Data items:
(* The Meir-Keeler condition prevents the orbit from leaving the ball of radius
   [eps + delta] around [p] once a single step is shorter than [delta]. *)
Lemma orbit_stays_close eps delta p :
  0 < eps -> 0 < delta ->
  (forall p q, comparable Y Rel p q -> eps <= D p q < eps + delta ->
     D (T p) (T q) < eps) ->
  Rel p (T p) -> D p (T p) < delta ->
  forall k, D p (Nat.iter k T p) < eps + delta.
Proof.
  intros Heps Hdelta Hstep Hp Hstep1 k. induction k as [|k IH].
  - simpl. rewrite (metric_self Y D HD). lra.
  - assert (Hcmp : comparable Y Rel p (Nat.iter k T p)) by (left; apply orbit_above, Hp).
    assert (Hnext : D (T p) (T (Nat.iter k T p)) < eps).
    { destruct (Rle_or_lt eps (D p (Nat.iter k T p))).
      - apply Hstep; [exact Hcmp | lra].
      - pose proof (dist_map_comparable _ _ Hcmp). lra. }
    pose proof (metric_triangle Y D HD p (T p) (Nat.iter (S k) T p)). simpl in *. lra.
Qed.

Lemma orbit_cauchy p : Rel p (T p) -> cauchy_seq Y D (fun n => Nat.iter n T p).
Proof.
  intros Hp eps Heps.
  destruct (Hmk (eps / 4)) as [delta [Hdelta Hstep]]; [lra|].
  set (r := Rmin delta (eps / 4)).
  assert (Hr : 0 < r) by (apply Rmin_glb_lt; lra).
  assert (Hr_delta : r <= delta) by apply Rmin_l.
  assert (Hr_eps : r <= eps / 4) by apply Rmin_r.
  destruct (asymptotic_comparable p (T p) (or_introl Hp) r Hr) as [N HN].
  specialize (HN N (le_n N)). rewrite <- Nat.iter_succ_r, Nat.iter_succ in HN.
  assert (Hclose : forall k, D (Nat.iter N T p) (Nat.iter (k + N) T p) < eps / 4 + r).
  { intro k. rewrite Nat.iter_add. apply orbit_stays_close; auto; try lra.
    - intros x y Hxy Hb. apply Hstep; auto. lra.
    - apply (Nat.iter_invariant N _ _ (fun x => Rel x (T x))); auto. }
  exists N. intros m n Hm Hn.
  pose proof (Hclose (m - N)%nat) as Hm'. pose proof (Hclose (n - N)%nat) as Hn'.
  replace (m - N + N)%nat with m in Hm' by lia. replace (n - N + N)%nat with n in Hn' by lia.
  pose proof (metric_triangle Y D HD (Nat.iter m T p) (Nat.iter N T p) (Nat.iter n T p)).
  rewrite (metric_sym Y D HD (Nat.iter N T p)) in Hm'. lra.
Qed.


Lemma map_converges_continuous u l :
  continuous_map Y D T -> seq_converges Y D u l ->
  seq_converges Y D (fun n => T (u n)) (T l).
Proof.
  intros Hcont Hu eps Heps.
  destruct (Hcont l eps Heps) as [delta [Hdelta Hball]].
  destruct (Hu delta Hdelta) as [N HN]. exists N. intros n Hn.
  rewrite (metric_sym Y D HD). apply Hball. rewrite (metric_sym Y D HD). auto.
Qed.

Lemma map_converges_comparable u l :
  (forall n, comparable Y Rel (u n) l) -> seq_converges Y D u l ->
  seq_converges Y D (fun n => T (u n)) (T l).
Proof.
  intros Hcmp Hu eps Heps. destruct (Hu eps Heps) as [N HN]. exists N. intros n Hn.
  pose proof (dist_map_comparable _ _ (Hcmp n)). specialize (HN n Hn). lra.
Qed.

Lemma orbit_limit_fixed p l :
  seq_converges Y D (fun n => Nat.iter n T p) l ->
  seq_converges Y D (fun n => T (Nat.iter n T p)) (T l) -> T l = l.
Proof.
  intros Hl HTl. apply (seq_converges_unique Y D HD (fun n => Nat.iter (S n) T p)).
  - exact HTl.
  - exact (seq_converges_succ Y D _ _ Hl).
Qed.

Theorem exists_fixed_point p :
  complete_metric Y D ->
  continuous_map Y D T \/ nondecreasing_limits_above Y D Rel ->
  Rel p (T p) -> exists l, T l = l.
Proof.
  intros Hcomplete Hreg Hp.
  destruct (Hcomplete _ (orbit_cauchy p Hp)) as [l Hl].
  exists l. apply (orbit_limit_fixed p); [exact Hl|].
  destruct Hreg as [Hcont | Hlim].
  - exact (map_converges_continuous _ _ Hcont Hl).
  - apply map_converges_comparable; [|exact Hl].
    intro n. left. apply Hlim; [|exact Hl].
    intro k. apply (Nat.iter_invariant k _ _ (fun x => Rel x (T x))); auto.
Qed.

Lemma iter_fixed n p : T p = p -> Nat.iter n T p = p.
Proof. intro Hp. induction n as [|n IH]; simpl; [reflexivity|]. rewrite IH. exact Hp. Qed.

Lemma asymptotic_fixed_points_eq p q :
  asymptotic Y D T p q -> T p = p -> T q = q -> p = q.
Proof.
  intros Hpq Hp Hq. apply (metric_small_eq Y D HD). intros eps Heps.
  destruct (Hpq eps Heps) as [N HN]. specialize (HN N (le_n N)).
  rewrite !iter_fixed in HN; assumption.
Qed.

Lemma asymptotic_fixed_point_converges p q :
  asymptotic Y D T p q -> T q = q -> seq_converges Y D (fun n => Nat.iter n T p) q.
Proof.
  intros Hpq Hq eps Heps. destruct (Hpq eps Heps) as [N HN]. exists N. intros n Hn.
  specialize (HN n Hn). rewrite (iter_fixed n q Hq) in HN. exact HN.
Qed.
End MeirKeeler.


Lemma order_connected_total (Y : Type) (Rel E : Y -> Y -> Prop) :
  order_connected Y Rel ->
  (forall p, E p p) -> (forall p q r, E p q -> E q r -> E p r) ->
  (forall p q, comparable Y Rel p q -> E p q) ->
  forall p q, E p q.
Proof.
  intros Hconn Erefl Etrans Hcmp p q.
  destruct (Hconn p q) as [n [z [Hz0 [Hzn Hchain]]]]. subst p q.
  assert (Hprefix : forall i, (i <= n)%nat -> E (z 0%nat) (z i)).
  { induction i as [|i IH]; intros Hi; [apply Erefl|].
    apply Etrans with (z i); [apply IH; lia|].
    apply Hcmp. specialize (Hchain (S i) ltac:(lia)).
    replace (S i - 1)%nat with i in Hchain by lia. exact Hchain. }
  apply Hprefix. lia.
Qed.

Section Pairs.
Variables (X : Type) (d : X -> X -> R) (le : X -> X -> Prop) (F : X -> X -> X).

Definition pair_dist (p q : X * X) : R := (d (fst p) (fst q) + d (snd p) (snd q)) / 2.

Definition pair_le (p q : X * X) : Prop := le (fst p) (fst q) /\ le (snd q) (snd p).

Definition coupled_map (p : X * X) : X * X := (F (fst p) (snd p), F (snd p) (fst p)).

Definition coupled_meir_keeler : Prop :=
  forall eps, 0 < eps -> exists delta, 0 < delta /\
    forall x y u v, le x u -> le v y ->
      eps <= (d x u + d y v) / 2 < eps + delta ->
      d (F x y) (F u v) < eps.

Lemma iter_coupled_map n x y :
  Nat.iter n coupled_map (x, y) = (Fiter X F n x y, Fiter X F n y x).
Proof. induction n as [|n IH]; simpl; [reflexivity|]. rewrite IH. reflexivity. Qed.

Lemma order_connected_pair_total (E : X * X -> X * X -> Prop) :
  (forall x, le x x) -> order_connected X le ->
  (forall p, E p p) -> (forall p q r, E p q -> E q r -> E p r) ->
  (forall p q, comparable (X * X) pair_le p q -> E p q) ->
  forall p q, E p q.
Proof.
  intros Hrefl Hconn Erefl Etrans Hcmp [x y] [u v].
  apply Etrans with (u, y).
  - apply (order_connected_total X le (fun a b => E (a, y) (b, y))); auto.
    { intros a b c. apply Etrans. }
    intros a b Hab. apply Hcmp. destruct Hab; [left|right]; split; simpl; auto.
  - apply (order_connected_total X le (fun a b => E (u, a) (u, b))); auto.
    { intros a b c. apply Etrans. }
    intros a b Hab. apply Hcmp. destruct Hab; [right|left]; split; simpl; auto.
Qed.

Lemma pair_le_refl : partial_order X le -> forall p, pair_le p p.
Proof. intros [Hrefl _] p. split; apply Hrefl. Qed.

Lemma pair_le_trans : partial_order X le -> forall p q r, pair_le p q -> pair_le q r -> pair_le p r.
Proof. intros [_ [_ Htrans]] p q r [H1 H2] [H3 H4]. split; eauto. Qed.

Lemma coupled_map_monotone :
  mixed_monotone X le F -> forall p q, pair_le p q -> pair_le (coupled_map p) (coupled_map q).
Proof. intros Hmono p q [H1 H2]. split; apply Hmono; auto. Qed.

Section PairMetric.
Hypothesis Hd : is_metric X d.

Lemma dist_fst_le_pair_dist p q : d (fst p) (fst q) <= 2 * pair_dist p q.
Proof. unfold pair_dist. pose proof (metric_nonneg X d Hd (snd p) (snd q)). lra. Qed.

Lemma dist_snd_le_pair_dist p q : d (snd p) (snd q) <= 2 * pair_dist p q.
Proof. unfold pair_dist. pose proof (metric_nonneg X d Hd (fst p) (fst q)). lra. Qed.

Lemma pair_dist_metric : is_metric (X * X) pair_dist.
Proof.
  unfold pair_dist. split; [|split].
  - intros [x y] [u v]; simpl. split.
    + intros H. pose proof (metric_nonneg X d Hd x u). pose proof (metric_nonneg X d Hd y v).
      assert (Hx : d x u = 0) by lra. assert (Hy : d y v = 0) by lra.
      apply (proj1 Hd) in Hx. apply (proj1 Hd) in Hy. subst. reflexivity.
    + intros [= -> ->]. rewrite !(metric_self X d Hd). lra.
  - intros p q. rewrite (metric_sym X d Hd (fst p)), (metric_sym X d Hd (snd p)). reflexivity.
  - intros p q r. pose proof (metric_triangle X d Hd (fst p) (fst q) (fst r)).
    pose proof (metric_triangle X d Hd (snd p) (snd q) (snd r)). lra.
Qed.

Lemma seq_converges_fst u p :
  seq_converges (X * X) pair_dist u p -> seq_converges X d (fun n => fst (u n)) (fst p).
Proof.
  intros Hu eps Heps. destruct (Hu (eps / 2)) as [N HN]; [lra|]. exists N. intros n Hn.
  pose proof (dist_fst_le_pair_dist (u n) p). specialize (HN n Hn). lra.
Qed.

Lemma seq_converges_snd u p :
  seq_converges (X * X) pair_dist u p -> seq_converges X d (fun n => snd (u n)) (snd p).
Proof.
  intros Hu eps Heps. destruct (Hu (eps / 2)) as [N HN]; [lra|]. exists N. intros n Hn.
  pose proof (dist_snd_le_pair_dist (u n) p). specialize (HN n Hn). lra.
Qed.

Lemma seq_converges_pair u x y :
  seq_converges X d (fun n => fst (u n)) x -> seq_converges X d (fun n => snd (u n)) y ->
  seq_converges (X * X) pair_dist u (x, y).
Proof.
  intros Hx Hy eps Heps.
  destruct (Hx eps Heps) as [N1 HN1]. destruct (Hy eps Heps) as [N2 HN2].
  exists (max N1 N2). intros n Hn. unfold pair_dist; simpl.
  specialize (HN1 n ltac:(lia)). specialize (HN2 n ltac:(lia)). lra.
Qed.

Lemma pair_dist_complete : complete_metric X d -> complete_metric (X * X) pair_dist.
Proof.
  intros Hcomplete u Hu.
  assert (Hfst : cauchy_seq X d (fun n => fst (u n))).
  { intros eps Heps. destruct (Hu (eps / 2)) as [N HN]; [lra|]. exists N. intros m n Hm Hn.
    pose proof (dist_fst_le_pair_dist (u m) (u n)). specialize (HN m n Hm Hn). lra. }
  assert (Hsnd : cauchy_seq X d (fun n => snd (u n))).
  { intros eps Heps. destruct (Hu (eps / 2)) as [N HN]; [lra|]. exists N. intros m n Hm Hn.
    pose proof (dist_snd_le_pair_dist (u m) (u n)). specialize (HN m n Hm Hn). lra. }
  destruct (Hcomplete _ Hfst) as [x Hx]. destruct (Hcomplete _ Hsnd) as [y Hy].
  exists (x, y). exact (seq_converges_pair u x y Hx Hy).
Qed.

Lemma coupled_map_meir_keeler :
  coupled_meir_keeler -> meir_keeler (X * X) pair_dist pair_le coupled_map.
Proof.
  intros Hcontr eps Heps. destruct (Hcontr eps Heps) as [delta [Hdelta Hstep]].
  exists delta. split; [exact Hdelta|].
  assert (Hle : forall p q, pair_le p q -> eps <= pair_dist p q < eps + delta ->
                  pair_dist (coupled_map p) (coupled_map q) < eps).
  { intros [x y] [u v] [Hxu Hvy] Hb. unfold pair_dist in *; simpl in *.
    pose proof (Hstep x y u v Hxu Hvy Hb) as H1.
    assert (Hb' : eps <= (d v y + d u x) / 2 < eps + delta)
      by (rewrite (metric_sym X d Hd v), (metric_sym X d Hd u); lra).
    pose proof (Hstep v u y x Hvy Hxu Hb') as H2.
    rewrite (metric_sym X d Hd (F v u)) in H2. lra. }
  intros p q [Hpq|Hqp] Hb; [auto|].
  rewrite (metric_sym _ _ pair_dist_metric) in Hb |- *. auto.
Qed.

Lemma coupled_map_continuous :
  continuous2 X d F -> continuous_map (X * X) pair_dist coupled_map.
Proof.
  intros Hcont [x y] eps Heps.
  destruct (Hcont x y (eps / 2)) as [d1 [Hd1 H1]]; [lra|].
  destruct (Hcont y x (eps / 2)) as [d2 [Hd2 H2]]; [lra|].
  exists (Rmin d1 d2 / 2). split; [pose proof (Rmin_glb_lt d1 d2 0 Hd1 Hd2); lra|].
  intros [u v] Hb. pose proof (Rmin_l d1 d2). pose proof (Rmin_r d1 d2).
  pose proof (dist_fst_le_pair_dist (x, y) (u, v)).
  pose proof (dist_snd_le_pair_dist (x, y) (u, v)).
  unfold pair_dist at 1; simpl in *.
  assert (d (F x y) (F u v) < eps / 2) by (apply H1; lra).
  assert (d (F y x) (F v u) < eps / 2) by (apply H2; lra).
  lra.
Qed.

Lemma pair_le_nondecreasing_limits_above :
  (forall (xs : nat -> X) (x : X),
     (forall n, le (xs n) (xs (S n))) -> seq_converges X d xs x ->
     forall n, le (xs n) x) ->
  (forall (xs : nat -> X) (x : X),
     (forall n, le (xs (S n)) (xs n)) -> seq_converges X d xs x ->
     forall n, le x (xs n)) ->
  nondecreasing_limits_above (X * X) pair_dist pair_le.
Proof.
  intros Hinc Hdec u l Hu Hl n. split.
  - apply (Hinc (fun k => fst (u k))); [intro k; apply (Hu k) | exact (seq_converges_fst u l Hl)].
  - apply (Hdec (fun k => snd (u k))); [intro k; apply (Hu k) | exact (seq_converges_snd u l Hl)].
Qed.

Lemma Fiter_converges x y p :
  seq_converges (X * X) pair_dist (fun n => Nat.iter n coupled_map (x, y)) p ->
  seq_converges X d (fun n => Fiter X F n x y) (fst p).
Proof.
  intros Hp eps Heps. destruct (seq_converges_fst _ _ Hp eps Heps) as [N HN].
  exists N. intros n Hn. specialize (HN n Hn). rewrite iter_coupled_map in HN. exact HN.
Qed.

End PairMetric.
End Pairs.


Theorem theorem7 (X : Type) (d : X -> X -> R) (le : X -> X -> Prop)
  (F : X -> X -> X)
  (Hmetric : is_metric X d) (Hcomplete : complete_metric X d)
  (Hpo : partial_order X le)
  (Hcontr : forall eps, 0 < eps -> exists delta, 0 < delta /\
     forall x y u v, le x u -> le v y ->
       eps <= (d x u + d y v) / 2 < eps + delta ->
       d (F x y) (F u v) < eps)
  (H1 : mixed_monotone X le F)
  (H2 : exists x0 y0, le x0 (F x0 y0) /\ le (F y0 x0) y0)
  (H34 : continuous2 X d F \/
     ((forall (xs : nat -> X) (x : X),
         (forall n, le (xs n) (xs (S n))) -> seq_converges X d xs x ->
         forall n, le (xs n) x) /\
      (forall (xs : nat -> X) (x : X),
         (forall n, le (xs (S n)) (xs n)) -> seq_converges X d xs x ->
         forall n, le x (xs n)))) :
  exists xs ys : X, coupled_fixed_point X F xs ys /\
    (order_connected X le ->
       xs = ys /\
       (forall x y, coupled_fixed_point X F x y -> x = xs /\ y = xs) /\
       (forall x, F x x = x -> x = xs) /\
       (forall x y, seq_converges X d (fun n => Fiter X F n x y) xs)).
Proof.
  destruct H2 as [x0 [y0 [Hx0 Hy0]]].
  set (D := pair_dist X d). set (G := coupled_map X F).
  pose proof (pair_dist_metric X d Hmetric) as HD.
  pose proof (pair_le_refl X le Hpo) as Hrefl.
  pose proof (pair_le_trans X le Hpo) as Htrans.
  pose proof (coupled_map_monotone X le F H1) as Hmono.
  pose proof (coupled_map_meir_keeler X d le F Hmetric Hcontr) as Hmk.
  assert (Hreg : continuous_map (X * X) D G \/ nondecreasing_limits_above (X * X) D (pair_le X le)).
  { destruct H34 as [Hcont | [Hinc Hdec]].
    - left. exact (coupled_map_continuous X d F Hmetric Hcont).
    - right. exact (pair_le_nondecreasing_limits_above X d le Hmetric Hinc Hdec). }
  destruct (exists_fixed_point _ D _ G HD Hrefl Htrans Hmono Hmk (x0, y0)
              (pair_dist_complete X d Hmetric Hcomplete) Hreg (conj Hx0 Hy0))
    as [[xs ys] Hfix].
  injection Hfix as Hxs Hys.
  exists xs, ys. split; [split; assumption|]. intros Hconn.
  assert (Hasym : forall p q, asymptotic (X * X) D G p q).
  { apply (order_connected_pair_total X le); [apply Hpo | exact Hconn | | |].
    - exact (asymptotic_refl _ D G HD).
    - exact (asymptotic_trans _ D G HD).
    - exact (asymptotic_comparable _ D _ G HD Hmono Hmk). }
  assert (Hunique : forall x y, coupled_fixed_point X F x y -> (x, y) = (xs, ys)).
  { intros x y [Hx Hy]. apply (asymptotic_fixed_points_eq _ D G HD); [apply Hasym | | ].
    - unfold G, coupled_map; simpl. rewrite Hx, Hy. reflexivity.
    - unfold G, coupled_map; simpl. rewrite Hxs, Hys. reflexivity. }
  assert (Hsym : xs = ys) by (injection (Hunique ys xs (conj Hys Hxs)); auto).
  subst ys. split; [reflexivity|]. split; [|split].
  - intros x y Hxy. injection (Hunique x y Hxy). auto.
  - intros x Hx. injection (Hunique x x (conj Hx Hx)). auto.
  - intros x y. apply (Fiter_converges X d F Hmetric x y (xs, xs)).
    apply (asymptotic_fixed_point_converges _ D G); [apply Hasym |].
    unfold G, coupled_map; simpl. rewrite Hxs. reflexivity.
Qed.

**PROBLEM REQUIREMENTS**
Within the entries above, how many lines contain the word "unfold"? State the number only.

**TASK ANSWER**
9